Stored data entries

BEGIN

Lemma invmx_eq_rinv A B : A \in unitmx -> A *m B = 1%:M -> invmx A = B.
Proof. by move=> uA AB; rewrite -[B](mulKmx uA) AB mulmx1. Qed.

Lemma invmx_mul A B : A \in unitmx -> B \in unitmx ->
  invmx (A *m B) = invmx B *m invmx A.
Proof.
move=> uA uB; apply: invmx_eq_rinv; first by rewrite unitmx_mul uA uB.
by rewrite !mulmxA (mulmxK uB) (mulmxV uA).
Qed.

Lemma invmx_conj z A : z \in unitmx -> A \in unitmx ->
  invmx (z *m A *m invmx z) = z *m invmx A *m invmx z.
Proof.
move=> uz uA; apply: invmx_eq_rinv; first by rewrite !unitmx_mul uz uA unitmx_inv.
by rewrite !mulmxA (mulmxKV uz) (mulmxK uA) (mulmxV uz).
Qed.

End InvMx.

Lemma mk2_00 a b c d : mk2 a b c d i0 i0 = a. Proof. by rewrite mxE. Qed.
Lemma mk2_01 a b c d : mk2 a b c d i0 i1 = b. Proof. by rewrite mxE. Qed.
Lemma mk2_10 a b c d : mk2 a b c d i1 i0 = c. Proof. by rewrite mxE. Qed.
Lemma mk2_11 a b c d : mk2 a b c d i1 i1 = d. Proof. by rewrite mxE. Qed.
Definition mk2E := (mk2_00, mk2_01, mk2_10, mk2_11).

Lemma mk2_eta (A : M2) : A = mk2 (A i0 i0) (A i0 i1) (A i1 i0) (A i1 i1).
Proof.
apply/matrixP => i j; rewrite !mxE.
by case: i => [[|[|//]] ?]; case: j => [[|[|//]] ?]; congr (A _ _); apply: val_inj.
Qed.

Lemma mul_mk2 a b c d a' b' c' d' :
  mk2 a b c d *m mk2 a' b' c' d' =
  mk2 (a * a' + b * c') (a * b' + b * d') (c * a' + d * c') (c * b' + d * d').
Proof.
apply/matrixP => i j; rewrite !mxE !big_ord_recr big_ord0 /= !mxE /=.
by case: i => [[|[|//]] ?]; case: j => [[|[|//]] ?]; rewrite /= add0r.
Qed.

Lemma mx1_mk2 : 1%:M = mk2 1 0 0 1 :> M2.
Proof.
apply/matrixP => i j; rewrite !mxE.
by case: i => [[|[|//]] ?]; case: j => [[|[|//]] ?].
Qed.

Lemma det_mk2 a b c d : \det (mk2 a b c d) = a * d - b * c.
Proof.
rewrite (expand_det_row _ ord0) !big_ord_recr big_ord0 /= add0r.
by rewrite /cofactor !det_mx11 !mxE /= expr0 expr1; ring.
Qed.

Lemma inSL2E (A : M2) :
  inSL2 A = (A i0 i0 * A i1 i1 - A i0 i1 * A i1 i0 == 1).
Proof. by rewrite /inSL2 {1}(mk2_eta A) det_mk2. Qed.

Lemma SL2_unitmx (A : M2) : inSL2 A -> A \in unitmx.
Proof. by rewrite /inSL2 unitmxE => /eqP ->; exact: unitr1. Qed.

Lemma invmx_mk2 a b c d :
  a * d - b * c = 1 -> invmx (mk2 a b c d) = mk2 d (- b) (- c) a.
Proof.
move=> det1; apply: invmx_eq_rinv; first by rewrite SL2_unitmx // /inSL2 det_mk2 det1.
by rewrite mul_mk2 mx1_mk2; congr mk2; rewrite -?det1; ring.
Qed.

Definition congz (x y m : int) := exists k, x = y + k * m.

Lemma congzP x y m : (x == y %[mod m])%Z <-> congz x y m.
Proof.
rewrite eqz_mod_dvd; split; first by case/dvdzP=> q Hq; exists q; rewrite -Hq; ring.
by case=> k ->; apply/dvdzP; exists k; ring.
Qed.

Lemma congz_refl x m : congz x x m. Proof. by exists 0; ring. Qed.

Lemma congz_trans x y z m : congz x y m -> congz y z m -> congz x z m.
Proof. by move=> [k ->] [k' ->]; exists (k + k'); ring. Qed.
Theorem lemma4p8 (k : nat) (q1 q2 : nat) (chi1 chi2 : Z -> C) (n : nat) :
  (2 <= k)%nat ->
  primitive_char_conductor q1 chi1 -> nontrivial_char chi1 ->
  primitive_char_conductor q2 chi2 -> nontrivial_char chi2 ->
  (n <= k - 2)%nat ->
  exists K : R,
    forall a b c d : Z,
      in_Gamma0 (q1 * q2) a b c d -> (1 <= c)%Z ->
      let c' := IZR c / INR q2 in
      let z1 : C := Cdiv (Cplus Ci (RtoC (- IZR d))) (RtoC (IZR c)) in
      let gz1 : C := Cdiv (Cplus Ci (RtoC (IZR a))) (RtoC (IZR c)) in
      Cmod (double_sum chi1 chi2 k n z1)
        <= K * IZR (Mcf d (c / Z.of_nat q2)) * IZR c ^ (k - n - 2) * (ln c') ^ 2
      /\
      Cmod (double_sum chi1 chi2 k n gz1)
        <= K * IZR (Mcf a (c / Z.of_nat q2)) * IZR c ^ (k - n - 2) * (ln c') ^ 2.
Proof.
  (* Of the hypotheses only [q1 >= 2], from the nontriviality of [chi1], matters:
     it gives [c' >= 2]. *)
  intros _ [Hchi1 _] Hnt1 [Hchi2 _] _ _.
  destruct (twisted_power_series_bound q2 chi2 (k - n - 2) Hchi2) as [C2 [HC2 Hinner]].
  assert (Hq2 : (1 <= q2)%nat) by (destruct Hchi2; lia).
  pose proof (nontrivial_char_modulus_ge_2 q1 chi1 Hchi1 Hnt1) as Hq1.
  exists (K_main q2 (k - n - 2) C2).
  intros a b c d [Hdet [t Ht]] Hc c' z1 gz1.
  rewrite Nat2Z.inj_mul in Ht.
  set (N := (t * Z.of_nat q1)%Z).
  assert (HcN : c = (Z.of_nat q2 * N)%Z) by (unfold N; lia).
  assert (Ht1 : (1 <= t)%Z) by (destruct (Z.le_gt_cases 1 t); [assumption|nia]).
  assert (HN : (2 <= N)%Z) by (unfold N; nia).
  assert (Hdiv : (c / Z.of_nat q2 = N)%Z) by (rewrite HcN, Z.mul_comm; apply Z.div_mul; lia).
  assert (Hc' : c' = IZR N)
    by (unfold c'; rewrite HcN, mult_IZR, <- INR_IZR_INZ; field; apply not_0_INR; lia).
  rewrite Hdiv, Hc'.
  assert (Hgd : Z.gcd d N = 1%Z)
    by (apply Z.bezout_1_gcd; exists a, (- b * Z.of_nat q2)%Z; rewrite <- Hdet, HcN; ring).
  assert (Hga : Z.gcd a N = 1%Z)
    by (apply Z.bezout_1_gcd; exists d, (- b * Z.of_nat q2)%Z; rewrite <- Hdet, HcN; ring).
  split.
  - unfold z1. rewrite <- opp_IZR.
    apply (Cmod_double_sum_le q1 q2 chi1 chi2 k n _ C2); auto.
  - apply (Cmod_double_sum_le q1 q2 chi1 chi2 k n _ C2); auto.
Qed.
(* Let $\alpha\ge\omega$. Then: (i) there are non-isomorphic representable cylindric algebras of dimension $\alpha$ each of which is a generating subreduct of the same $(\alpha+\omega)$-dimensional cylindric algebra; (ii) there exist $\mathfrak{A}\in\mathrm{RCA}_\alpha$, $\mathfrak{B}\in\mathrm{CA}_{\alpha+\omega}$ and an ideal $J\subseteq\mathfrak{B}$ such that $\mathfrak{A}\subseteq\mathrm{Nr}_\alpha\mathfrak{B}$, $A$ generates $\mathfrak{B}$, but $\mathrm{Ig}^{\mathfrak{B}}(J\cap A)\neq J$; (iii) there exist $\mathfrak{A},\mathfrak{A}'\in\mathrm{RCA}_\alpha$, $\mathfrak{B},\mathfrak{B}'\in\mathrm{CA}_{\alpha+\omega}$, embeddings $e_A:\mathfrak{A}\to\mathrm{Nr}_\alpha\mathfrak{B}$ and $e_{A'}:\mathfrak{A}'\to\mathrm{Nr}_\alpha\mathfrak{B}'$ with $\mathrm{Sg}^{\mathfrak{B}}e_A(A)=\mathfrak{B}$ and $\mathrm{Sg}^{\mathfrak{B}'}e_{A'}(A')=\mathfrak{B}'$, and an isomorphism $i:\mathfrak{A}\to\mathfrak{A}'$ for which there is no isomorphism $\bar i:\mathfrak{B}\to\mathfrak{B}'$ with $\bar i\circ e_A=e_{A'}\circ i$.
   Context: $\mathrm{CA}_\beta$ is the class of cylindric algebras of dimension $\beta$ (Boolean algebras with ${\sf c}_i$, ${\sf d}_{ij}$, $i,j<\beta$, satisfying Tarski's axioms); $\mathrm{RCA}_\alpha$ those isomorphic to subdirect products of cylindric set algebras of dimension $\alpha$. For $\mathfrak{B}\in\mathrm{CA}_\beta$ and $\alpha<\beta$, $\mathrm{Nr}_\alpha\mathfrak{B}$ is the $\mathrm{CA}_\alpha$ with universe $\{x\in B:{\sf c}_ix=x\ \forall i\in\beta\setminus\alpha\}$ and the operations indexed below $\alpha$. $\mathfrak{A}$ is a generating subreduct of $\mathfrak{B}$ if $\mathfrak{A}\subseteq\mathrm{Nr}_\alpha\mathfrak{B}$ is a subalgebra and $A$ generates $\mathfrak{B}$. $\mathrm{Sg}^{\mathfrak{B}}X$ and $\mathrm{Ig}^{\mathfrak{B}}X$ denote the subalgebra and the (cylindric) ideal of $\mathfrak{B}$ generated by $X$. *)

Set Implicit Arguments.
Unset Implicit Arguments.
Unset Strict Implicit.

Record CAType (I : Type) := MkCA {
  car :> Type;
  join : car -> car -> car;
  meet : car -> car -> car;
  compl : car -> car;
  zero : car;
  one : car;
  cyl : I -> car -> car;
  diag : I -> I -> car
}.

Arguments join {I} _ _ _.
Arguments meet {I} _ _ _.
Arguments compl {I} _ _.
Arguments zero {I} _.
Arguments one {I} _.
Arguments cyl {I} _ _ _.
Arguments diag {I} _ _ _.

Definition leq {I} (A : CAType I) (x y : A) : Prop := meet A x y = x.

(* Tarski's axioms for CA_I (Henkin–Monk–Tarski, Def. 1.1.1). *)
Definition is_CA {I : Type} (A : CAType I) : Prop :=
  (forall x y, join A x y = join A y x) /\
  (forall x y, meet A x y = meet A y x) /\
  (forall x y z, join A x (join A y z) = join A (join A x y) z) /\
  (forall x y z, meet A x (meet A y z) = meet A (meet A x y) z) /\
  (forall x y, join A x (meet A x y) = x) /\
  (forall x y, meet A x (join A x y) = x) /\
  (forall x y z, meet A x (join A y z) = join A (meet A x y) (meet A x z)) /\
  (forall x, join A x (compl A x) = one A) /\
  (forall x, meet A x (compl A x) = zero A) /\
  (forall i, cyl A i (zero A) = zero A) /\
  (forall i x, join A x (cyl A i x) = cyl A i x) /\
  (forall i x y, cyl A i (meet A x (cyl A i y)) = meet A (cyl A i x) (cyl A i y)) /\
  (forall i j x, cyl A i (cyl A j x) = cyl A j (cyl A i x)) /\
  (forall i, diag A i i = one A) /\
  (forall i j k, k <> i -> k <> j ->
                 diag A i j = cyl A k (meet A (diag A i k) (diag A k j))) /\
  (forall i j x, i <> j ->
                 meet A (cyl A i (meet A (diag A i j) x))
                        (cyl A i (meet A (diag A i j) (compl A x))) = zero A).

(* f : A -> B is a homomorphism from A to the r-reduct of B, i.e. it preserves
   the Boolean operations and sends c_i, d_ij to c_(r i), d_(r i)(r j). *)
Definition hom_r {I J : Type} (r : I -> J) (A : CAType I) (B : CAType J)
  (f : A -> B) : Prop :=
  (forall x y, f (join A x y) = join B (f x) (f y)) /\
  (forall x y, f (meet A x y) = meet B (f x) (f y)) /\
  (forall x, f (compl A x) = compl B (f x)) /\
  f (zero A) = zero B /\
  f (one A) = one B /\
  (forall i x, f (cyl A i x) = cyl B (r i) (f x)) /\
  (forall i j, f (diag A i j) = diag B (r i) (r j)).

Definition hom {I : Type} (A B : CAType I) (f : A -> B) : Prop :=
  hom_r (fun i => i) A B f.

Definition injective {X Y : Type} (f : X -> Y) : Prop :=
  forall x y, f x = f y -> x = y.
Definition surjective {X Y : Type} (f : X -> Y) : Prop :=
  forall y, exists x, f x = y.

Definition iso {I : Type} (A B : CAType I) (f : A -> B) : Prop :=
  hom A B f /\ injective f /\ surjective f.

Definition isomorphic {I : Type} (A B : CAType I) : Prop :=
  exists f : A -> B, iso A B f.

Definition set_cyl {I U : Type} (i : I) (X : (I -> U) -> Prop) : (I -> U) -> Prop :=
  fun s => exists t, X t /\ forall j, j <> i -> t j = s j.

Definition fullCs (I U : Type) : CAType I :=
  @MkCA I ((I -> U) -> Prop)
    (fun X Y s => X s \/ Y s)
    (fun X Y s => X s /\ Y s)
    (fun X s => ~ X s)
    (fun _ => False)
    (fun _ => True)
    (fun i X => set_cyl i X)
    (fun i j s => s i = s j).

END
BEGIN

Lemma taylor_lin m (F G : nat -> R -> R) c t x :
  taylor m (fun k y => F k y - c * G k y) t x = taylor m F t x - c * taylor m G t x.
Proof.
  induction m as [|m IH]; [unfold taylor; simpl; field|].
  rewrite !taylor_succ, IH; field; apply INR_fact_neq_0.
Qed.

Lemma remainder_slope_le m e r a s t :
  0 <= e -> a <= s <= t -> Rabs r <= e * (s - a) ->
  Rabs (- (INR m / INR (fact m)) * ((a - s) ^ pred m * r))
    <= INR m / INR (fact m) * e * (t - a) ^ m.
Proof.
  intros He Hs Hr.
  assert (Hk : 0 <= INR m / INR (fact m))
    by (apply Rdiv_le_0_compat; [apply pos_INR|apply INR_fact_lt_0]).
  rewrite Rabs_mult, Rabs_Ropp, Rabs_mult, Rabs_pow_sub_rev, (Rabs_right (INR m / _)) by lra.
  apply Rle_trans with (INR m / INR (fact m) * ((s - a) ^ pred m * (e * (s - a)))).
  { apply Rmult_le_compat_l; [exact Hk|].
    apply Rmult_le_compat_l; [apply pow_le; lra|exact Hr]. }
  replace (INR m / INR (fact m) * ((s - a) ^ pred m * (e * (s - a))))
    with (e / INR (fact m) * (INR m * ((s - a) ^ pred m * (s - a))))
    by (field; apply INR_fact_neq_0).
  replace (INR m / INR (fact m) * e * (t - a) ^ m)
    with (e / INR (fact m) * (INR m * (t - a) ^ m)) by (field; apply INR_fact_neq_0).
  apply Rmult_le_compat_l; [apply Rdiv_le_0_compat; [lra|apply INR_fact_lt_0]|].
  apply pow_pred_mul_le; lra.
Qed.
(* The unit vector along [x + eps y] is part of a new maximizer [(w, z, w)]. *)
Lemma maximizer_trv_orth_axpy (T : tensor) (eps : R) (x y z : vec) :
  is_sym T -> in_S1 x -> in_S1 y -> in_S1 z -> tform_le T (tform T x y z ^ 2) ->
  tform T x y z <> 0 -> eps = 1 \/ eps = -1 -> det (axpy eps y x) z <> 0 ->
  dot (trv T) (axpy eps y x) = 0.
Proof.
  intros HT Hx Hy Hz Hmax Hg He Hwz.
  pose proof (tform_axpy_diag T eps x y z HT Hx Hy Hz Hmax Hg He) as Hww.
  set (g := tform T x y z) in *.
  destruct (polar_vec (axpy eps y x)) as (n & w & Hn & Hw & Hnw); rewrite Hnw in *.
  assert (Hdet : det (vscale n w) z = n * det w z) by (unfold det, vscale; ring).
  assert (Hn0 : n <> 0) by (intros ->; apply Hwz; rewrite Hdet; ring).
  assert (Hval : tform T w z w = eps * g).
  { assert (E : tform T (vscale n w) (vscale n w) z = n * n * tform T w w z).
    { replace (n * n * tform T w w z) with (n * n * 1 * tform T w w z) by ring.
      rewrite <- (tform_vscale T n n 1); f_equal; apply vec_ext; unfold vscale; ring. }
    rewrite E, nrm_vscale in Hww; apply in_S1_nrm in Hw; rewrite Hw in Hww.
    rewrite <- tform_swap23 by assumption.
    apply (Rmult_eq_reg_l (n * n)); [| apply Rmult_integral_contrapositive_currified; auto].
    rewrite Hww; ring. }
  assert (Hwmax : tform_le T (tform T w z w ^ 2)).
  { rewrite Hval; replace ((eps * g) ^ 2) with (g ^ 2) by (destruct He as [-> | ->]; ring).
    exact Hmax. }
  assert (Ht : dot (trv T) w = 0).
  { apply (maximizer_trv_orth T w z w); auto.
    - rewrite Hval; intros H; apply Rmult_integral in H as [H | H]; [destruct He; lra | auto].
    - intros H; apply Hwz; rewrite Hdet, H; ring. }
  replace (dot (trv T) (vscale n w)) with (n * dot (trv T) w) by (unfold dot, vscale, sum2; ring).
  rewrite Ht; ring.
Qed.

END
BEGIN

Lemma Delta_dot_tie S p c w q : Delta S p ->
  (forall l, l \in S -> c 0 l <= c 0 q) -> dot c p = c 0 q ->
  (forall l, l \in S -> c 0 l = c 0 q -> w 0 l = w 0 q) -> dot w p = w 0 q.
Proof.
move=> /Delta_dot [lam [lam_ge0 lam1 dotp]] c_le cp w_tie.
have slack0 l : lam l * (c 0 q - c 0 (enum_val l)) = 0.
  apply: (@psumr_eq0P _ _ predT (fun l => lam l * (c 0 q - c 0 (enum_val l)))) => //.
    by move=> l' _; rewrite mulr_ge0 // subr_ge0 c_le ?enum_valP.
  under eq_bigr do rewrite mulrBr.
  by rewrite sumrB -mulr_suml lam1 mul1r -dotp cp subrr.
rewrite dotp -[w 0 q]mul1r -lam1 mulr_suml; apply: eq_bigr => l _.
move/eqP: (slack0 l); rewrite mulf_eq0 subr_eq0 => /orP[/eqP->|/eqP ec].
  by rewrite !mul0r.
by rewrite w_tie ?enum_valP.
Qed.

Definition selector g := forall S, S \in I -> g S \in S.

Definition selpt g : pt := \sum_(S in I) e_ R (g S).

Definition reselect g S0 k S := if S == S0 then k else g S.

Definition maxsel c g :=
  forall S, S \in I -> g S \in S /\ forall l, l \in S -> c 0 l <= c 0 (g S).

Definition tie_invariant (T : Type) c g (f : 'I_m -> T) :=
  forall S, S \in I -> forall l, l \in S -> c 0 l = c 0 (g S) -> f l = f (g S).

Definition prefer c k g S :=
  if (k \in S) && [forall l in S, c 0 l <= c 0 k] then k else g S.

END

**Task statement:**
Give the exact lines, and only those, from the line containing "Cmod (double_sum chi1 chi2 k n z1)" through the line containing "assert (HN : (2" in the entries above.

**Solution for this exercise:**
      Cmod (double_sum chi1 chi2 k n z1)
        <= K * IZR (Mcf d (c / Z.of_nat q2)) * IZR c ^ (k - n - 2) * (ln c') ^ 2
      /\
      Cmod (double_sum chi1 chi2 k n gz1)
        <= K * IZR (Mcf a (c / Z.of_nat q2)) * IZR c ^ (k - n - 2) * (ln c') ^ 2.
Proof.
  (* Of the hypotheses only [q1 >= 2], from the nontriviality of [chi1], matters:
     it gives [c' >= 2]. *)
  intros _ [Hchi1 _] Hnt1 [Hchi2 _] _ _.
  destruct (twisted_power_series_bound q2 chi2 (k - n - 2) Hchi2) as [C2 [HC2 Hinner]].
  assert (Hq2 : (1 <= q2)%nat) by (destruct Hchi2; lia).
  pose proof (nontrivial_char_modulus_ge_2 q1 chi1 Hchi1 Hnt1) as Hq1.
  exists (K_main q2 (k - n - 2) C2).
  intros a b c d [Hdet [t Ht]] Hc c' z1 gz1.
  rewrite Nat2Z.inj_mul in Ht.
  set (N := (t * Z.of_nat q1)%Z).
  assert (HcN : c = (Z.of_nat q2 * N)%Z) by (unfold N; lia).
  assert (Ht1 : (1 <= t)%Z) by (destruct (Z.le_gt_cases 1 t); [assumption|nia]).
  assert (HN : (2 <= N)%Z) by (unfold N; nia).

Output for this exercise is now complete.